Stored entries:
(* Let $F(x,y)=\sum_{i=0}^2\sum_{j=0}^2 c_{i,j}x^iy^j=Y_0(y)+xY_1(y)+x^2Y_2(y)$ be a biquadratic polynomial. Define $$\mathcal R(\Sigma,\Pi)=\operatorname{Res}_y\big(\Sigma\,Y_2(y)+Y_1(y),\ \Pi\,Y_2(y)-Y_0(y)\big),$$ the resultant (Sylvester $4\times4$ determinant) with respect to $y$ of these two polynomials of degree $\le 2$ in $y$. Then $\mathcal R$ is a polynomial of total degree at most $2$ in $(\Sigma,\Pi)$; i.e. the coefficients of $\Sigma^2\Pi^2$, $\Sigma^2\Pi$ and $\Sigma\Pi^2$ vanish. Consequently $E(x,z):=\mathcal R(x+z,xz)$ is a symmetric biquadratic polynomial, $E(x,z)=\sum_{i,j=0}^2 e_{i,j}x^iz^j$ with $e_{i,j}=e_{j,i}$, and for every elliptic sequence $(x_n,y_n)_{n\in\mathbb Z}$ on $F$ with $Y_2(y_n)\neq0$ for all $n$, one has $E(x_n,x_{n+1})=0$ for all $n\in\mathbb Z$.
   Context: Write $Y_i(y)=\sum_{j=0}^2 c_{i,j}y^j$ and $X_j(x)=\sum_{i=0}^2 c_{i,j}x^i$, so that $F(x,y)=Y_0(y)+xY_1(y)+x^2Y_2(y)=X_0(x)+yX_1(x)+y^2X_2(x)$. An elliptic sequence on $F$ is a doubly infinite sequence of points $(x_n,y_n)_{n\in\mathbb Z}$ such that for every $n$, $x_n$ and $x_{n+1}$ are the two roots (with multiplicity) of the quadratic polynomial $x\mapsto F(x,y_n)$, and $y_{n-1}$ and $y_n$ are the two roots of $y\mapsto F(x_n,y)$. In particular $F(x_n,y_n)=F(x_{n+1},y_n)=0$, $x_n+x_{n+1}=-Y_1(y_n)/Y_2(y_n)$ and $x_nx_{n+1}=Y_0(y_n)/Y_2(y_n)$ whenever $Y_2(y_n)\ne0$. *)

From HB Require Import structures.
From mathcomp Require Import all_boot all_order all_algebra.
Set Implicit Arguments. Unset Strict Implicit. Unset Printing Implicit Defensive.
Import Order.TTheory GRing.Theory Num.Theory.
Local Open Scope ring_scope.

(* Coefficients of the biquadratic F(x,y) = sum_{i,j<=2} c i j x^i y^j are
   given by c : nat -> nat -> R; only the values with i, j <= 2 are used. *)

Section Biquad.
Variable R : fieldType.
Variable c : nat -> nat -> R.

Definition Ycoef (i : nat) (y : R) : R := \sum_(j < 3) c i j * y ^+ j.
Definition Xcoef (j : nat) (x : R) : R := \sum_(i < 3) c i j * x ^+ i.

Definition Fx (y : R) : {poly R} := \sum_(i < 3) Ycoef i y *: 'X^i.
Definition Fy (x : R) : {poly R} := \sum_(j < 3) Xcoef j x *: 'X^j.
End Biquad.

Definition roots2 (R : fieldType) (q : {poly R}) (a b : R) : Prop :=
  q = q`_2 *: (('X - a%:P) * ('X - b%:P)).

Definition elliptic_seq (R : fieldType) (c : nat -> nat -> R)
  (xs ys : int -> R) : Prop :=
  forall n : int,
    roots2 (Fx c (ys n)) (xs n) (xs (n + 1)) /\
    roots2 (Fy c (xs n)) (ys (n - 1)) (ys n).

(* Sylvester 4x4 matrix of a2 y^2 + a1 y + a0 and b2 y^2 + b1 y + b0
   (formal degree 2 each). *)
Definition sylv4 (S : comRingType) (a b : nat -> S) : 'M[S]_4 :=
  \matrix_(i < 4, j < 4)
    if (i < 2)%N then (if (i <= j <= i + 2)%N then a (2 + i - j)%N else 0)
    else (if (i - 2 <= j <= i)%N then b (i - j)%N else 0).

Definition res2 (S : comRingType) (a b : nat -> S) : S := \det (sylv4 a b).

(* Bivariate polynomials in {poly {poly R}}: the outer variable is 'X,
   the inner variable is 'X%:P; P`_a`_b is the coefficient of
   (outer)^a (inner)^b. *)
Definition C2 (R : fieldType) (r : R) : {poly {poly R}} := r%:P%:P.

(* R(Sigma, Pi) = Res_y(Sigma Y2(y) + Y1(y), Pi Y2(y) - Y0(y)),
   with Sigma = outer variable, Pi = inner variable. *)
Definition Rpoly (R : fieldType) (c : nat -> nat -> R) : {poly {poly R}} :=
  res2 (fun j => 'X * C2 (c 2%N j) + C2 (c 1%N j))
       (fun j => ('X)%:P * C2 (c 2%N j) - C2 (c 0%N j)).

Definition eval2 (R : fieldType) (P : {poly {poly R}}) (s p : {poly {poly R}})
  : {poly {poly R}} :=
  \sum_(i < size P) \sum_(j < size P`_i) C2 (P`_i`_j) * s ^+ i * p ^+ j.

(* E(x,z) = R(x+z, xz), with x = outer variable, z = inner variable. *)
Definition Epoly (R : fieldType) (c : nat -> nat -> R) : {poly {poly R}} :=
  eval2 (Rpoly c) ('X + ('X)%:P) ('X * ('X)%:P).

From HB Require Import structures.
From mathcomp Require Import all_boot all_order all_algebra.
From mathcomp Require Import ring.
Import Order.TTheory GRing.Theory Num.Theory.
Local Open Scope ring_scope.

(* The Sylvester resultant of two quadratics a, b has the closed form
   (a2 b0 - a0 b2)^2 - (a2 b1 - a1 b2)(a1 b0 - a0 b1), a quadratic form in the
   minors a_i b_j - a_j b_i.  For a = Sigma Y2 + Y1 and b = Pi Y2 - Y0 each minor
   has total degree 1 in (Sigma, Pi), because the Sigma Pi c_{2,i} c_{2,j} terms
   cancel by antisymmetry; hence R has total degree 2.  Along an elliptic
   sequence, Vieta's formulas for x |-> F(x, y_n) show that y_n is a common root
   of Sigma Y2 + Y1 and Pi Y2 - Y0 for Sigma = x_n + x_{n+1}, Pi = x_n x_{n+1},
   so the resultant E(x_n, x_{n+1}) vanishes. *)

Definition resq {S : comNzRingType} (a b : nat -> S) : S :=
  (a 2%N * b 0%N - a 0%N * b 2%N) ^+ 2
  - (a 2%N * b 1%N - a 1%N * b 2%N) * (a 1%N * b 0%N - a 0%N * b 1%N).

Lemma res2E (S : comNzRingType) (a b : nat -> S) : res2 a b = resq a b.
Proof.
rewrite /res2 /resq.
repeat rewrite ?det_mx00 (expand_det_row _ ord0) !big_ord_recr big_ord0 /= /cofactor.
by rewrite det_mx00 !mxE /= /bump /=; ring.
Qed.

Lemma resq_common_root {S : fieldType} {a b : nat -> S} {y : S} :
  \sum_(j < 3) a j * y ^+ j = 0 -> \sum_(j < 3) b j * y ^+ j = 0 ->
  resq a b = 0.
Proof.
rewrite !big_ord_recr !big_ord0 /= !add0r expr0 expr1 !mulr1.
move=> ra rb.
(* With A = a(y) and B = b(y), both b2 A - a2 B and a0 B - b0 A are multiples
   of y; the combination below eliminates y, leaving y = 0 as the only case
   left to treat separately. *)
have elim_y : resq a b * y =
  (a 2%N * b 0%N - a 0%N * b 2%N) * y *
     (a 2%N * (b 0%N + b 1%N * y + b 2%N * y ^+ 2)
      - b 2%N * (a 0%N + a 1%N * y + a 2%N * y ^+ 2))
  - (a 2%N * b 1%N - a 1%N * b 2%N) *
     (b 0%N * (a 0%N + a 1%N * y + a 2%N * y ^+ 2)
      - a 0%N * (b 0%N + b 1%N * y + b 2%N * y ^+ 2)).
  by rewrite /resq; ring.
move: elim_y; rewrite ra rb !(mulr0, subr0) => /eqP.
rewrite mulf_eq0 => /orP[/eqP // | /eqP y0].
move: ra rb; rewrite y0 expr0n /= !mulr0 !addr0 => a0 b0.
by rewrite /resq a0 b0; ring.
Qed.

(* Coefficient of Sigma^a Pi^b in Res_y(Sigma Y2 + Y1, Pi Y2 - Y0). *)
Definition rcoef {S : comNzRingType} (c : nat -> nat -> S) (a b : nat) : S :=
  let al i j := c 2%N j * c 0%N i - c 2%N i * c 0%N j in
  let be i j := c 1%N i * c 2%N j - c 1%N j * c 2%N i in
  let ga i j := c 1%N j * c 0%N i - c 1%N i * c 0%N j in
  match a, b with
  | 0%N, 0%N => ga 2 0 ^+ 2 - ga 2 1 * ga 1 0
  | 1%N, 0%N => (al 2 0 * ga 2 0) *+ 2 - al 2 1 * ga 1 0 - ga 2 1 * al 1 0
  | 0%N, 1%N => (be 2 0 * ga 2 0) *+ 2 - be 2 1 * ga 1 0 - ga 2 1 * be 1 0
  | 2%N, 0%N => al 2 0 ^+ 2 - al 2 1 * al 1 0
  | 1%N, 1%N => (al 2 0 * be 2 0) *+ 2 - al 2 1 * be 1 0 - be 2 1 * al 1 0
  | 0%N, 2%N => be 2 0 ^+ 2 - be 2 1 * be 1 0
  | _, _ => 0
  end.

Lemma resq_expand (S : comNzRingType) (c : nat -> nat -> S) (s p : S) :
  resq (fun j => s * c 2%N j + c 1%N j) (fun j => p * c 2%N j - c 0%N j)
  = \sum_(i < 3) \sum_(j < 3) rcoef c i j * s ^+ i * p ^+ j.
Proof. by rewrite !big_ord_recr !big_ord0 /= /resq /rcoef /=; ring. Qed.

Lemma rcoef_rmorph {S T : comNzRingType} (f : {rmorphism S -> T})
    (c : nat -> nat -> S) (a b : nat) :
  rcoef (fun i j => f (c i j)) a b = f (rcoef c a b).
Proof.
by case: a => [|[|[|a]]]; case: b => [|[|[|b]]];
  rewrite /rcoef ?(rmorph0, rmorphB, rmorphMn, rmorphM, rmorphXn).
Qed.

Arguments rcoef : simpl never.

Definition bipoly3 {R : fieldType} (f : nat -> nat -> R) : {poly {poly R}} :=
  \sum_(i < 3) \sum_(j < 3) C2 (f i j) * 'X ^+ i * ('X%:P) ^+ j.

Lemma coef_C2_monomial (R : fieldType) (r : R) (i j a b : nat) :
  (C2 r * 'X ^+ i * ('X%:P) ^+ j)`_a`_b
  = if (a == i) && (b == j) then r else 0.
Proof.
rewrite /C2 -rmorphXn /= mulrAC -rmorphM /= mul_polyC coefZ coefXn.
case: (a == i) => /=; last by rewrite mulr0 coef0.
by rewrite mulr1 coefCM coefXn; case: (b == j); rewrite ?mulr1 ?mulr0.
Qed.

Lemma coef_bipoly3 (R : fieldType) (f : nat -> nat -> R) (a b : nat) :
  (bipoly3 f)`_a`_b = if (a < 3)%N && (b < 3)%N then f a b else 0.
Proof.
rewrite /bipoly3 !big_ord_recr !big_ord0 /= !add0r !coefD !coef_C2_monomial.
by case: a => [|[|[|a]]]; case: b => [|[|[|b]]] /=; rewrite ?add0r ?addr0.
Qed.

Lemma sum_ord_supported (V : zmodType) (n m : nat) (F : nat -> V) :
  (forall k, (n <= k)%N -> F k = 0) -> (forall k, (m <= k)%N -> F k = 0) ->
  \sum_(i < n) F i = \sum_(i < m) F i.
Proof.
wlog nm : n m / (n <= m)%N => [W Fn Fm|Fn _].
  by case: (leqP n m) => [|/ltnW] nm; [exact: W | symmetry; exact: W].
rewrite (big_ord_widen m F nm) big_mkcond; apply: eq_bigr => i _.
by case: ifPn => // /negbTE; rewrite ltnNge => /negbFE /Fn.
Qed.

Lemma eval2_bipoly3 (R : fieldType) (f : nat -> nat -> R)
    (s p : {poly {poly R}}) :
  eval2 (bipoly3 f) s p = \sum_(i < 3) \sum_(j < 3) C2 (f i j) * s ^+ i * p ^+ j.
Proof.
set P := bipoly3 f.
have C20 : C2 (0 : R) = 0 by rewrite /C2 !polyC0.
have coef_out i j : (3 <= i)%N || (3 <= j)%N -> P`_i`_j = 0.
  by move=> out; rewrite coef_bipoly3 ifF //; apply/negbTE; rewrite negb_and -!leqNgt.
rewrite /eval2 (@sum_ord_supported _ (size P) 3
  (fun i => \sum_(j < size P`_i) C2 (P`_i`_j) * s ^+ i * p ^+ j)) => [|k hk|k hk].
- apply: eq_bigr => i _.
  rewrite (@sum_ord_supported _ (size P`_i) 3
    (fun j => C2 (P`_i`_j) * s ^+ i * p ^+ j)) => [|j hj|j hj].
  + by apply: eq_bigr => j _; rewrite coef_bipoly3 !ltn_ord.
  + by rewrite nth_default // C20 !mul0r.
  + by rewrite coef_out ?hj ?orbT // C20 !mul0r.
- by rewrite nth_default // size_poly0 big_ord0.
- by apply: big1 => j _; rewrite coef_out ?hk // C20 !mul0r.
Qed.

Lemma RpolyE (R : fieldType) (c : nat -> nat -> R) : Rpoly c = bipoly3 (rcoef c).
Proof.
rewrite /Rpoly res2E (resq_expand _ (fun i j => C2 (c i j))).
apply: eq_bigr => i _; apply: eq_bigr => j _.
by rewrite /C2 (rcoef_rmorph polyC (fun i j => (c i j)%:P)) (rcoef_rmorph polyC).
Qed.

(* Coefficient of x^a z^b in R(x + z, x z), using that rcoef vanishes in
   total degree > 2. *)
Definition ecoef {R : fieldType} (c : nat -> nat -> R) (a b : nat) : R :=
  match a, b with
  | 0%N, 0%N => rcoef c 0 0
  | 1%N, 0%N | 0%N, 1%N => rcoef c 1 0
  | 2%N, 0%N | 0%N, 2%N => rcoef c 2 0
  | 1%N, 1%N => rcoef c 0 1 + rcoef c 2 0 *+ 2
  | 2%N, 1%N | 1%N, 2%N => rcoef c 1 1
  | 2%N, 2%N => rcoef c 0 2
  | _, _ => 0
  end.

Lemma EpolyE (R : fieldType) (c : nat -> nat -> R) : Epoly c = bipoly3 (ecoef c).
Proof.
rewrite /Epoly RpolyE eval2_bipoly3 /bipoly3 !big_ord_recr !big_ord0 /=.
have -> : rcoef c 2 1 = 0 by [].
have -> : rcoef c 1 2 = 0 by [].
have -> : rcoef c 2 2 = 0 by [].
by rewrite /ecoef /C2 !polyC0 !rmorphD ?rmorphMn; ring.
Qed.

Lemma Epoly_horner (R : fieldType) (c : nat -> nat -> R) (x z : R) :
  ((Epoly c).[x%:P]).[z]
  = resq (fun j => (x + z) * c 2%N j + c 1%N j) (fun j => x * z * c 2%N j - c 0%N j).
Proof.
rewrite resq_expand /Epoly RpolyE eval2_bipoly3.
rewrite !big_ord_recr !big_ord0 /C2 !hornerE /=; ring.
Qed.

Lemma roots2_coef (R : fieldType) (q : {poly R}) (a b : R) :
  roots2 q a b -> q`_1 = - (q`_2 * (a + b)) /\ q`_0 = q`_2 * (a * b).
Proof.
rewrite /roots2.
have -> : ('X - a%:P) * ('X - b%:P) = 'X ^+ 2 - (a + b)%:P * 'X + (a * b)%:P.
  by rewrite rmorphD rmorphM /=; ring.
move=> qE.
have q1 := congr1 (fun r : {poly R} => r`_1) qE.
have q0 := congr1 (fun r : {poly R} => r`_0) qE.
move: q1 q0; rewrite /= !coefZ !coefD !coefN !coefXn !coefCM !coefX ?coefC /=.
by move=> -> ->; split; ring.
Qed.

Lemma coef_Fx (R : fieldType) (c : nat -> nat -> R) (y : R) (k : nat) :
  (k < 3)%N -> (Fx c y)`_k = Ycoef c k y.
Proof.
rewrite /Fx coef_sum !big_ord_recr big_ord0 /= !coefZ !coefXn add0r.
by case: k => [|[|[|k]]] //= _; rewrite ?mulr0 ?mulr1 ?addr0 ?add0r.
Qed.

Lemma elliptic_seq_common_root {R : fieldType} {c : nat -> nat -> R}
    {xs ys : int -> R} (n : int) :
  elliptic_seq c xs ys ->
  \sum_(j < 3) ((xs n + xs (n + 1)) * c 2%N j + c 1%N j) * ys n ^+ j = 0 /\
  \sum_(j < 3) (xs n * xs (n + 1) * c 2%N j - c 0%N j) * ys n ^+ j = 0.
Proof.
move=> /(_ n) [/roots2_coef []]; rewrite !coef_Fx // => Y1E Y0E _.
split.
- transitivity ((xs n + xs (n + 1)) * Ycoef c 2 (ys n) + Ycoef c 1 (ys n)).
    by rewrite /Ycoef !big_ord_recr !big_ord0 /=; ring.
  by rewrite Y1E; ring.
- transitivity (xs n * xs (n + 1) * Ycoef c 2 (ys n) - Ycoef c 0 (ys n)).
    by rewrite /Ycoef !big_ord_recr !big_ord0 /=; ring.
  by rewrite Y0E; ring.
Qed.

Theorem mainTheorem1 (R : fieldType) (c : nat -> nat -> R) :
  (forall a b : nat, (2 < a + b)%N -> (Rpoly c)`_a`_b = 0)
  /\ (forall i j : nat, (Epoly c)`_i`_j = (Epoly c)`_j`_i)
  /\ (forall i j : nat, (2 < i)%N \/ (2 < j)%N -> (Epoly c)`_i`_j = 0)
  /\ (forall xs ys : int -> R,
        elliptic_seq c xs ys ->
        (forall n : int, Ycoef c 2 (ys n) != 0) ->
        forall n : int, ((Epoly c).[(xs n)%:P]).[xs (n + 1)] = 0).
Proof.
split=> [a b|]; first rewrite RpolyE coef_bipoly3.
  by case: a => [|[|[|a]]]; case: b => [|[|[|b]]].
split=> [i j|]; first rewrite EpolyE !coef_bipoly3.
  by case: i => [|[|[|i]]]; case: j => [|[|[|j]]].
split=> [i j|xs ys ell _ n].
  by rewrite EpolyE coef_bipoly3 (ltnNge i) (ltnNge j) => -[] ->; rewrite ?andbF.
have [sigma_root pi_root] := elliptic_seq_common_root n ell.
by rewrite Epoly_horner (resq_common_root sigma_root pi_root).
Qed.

Task details:
Copy the records above exactly, beginning at the line that contains "have -> : rcoef c 2 1 = 0 by []." and stopping after the line that contains "have q0 := congr1".

Finished task:
have -> : rcoef c 2 1 = 0 by [].
have -> : rcoef c 1 2 = 0 by [].
have -> : rcoef c 2 2 = 0 by [].
by rewrite /ecoef /C2 !polyC0 !rmorphD ?rmorphMn; ring.
Qed.

Lemma Epoly_horner (R : fieldType) (c : nat -> nat -> R) (x z : R) :
  ((Epoly c).[x%:P]).[z]
  = resq (fun j => (x + z) * c 2%N j + c 1%N j) (fun j => x * z * c 2%N j - c 0%N j).
Proof.
rewrite resq_expand /Epoly RpolyE eval2_bipoly3.
rewrite !big_ord_recr !big_ord0 /C2 !hornerE /=; ring.
Qed.

Lemma roots2_coef (R : fieldType) (q : {poly R}) (a b : R) :
  roots2 q a b -> q`_1 = - (q`_2 * (a + b)) /\ q`_0 = q`_2 * (a * b).
Proof.
rewrite /roots2.
have -> : ('X - a%:P) * ('X - b%:P) = 'X ^+ 2 - (a + b)%:P * 'X + (a * b)%:P.
  by rewrite rmorphD rmorphM /=; ring.
move=> qE.
have q1 := congr1 (fun r : {poly R} => r`_1) qE.
have q0 := congr1 (fun r : {poly R} => r`_0) qE.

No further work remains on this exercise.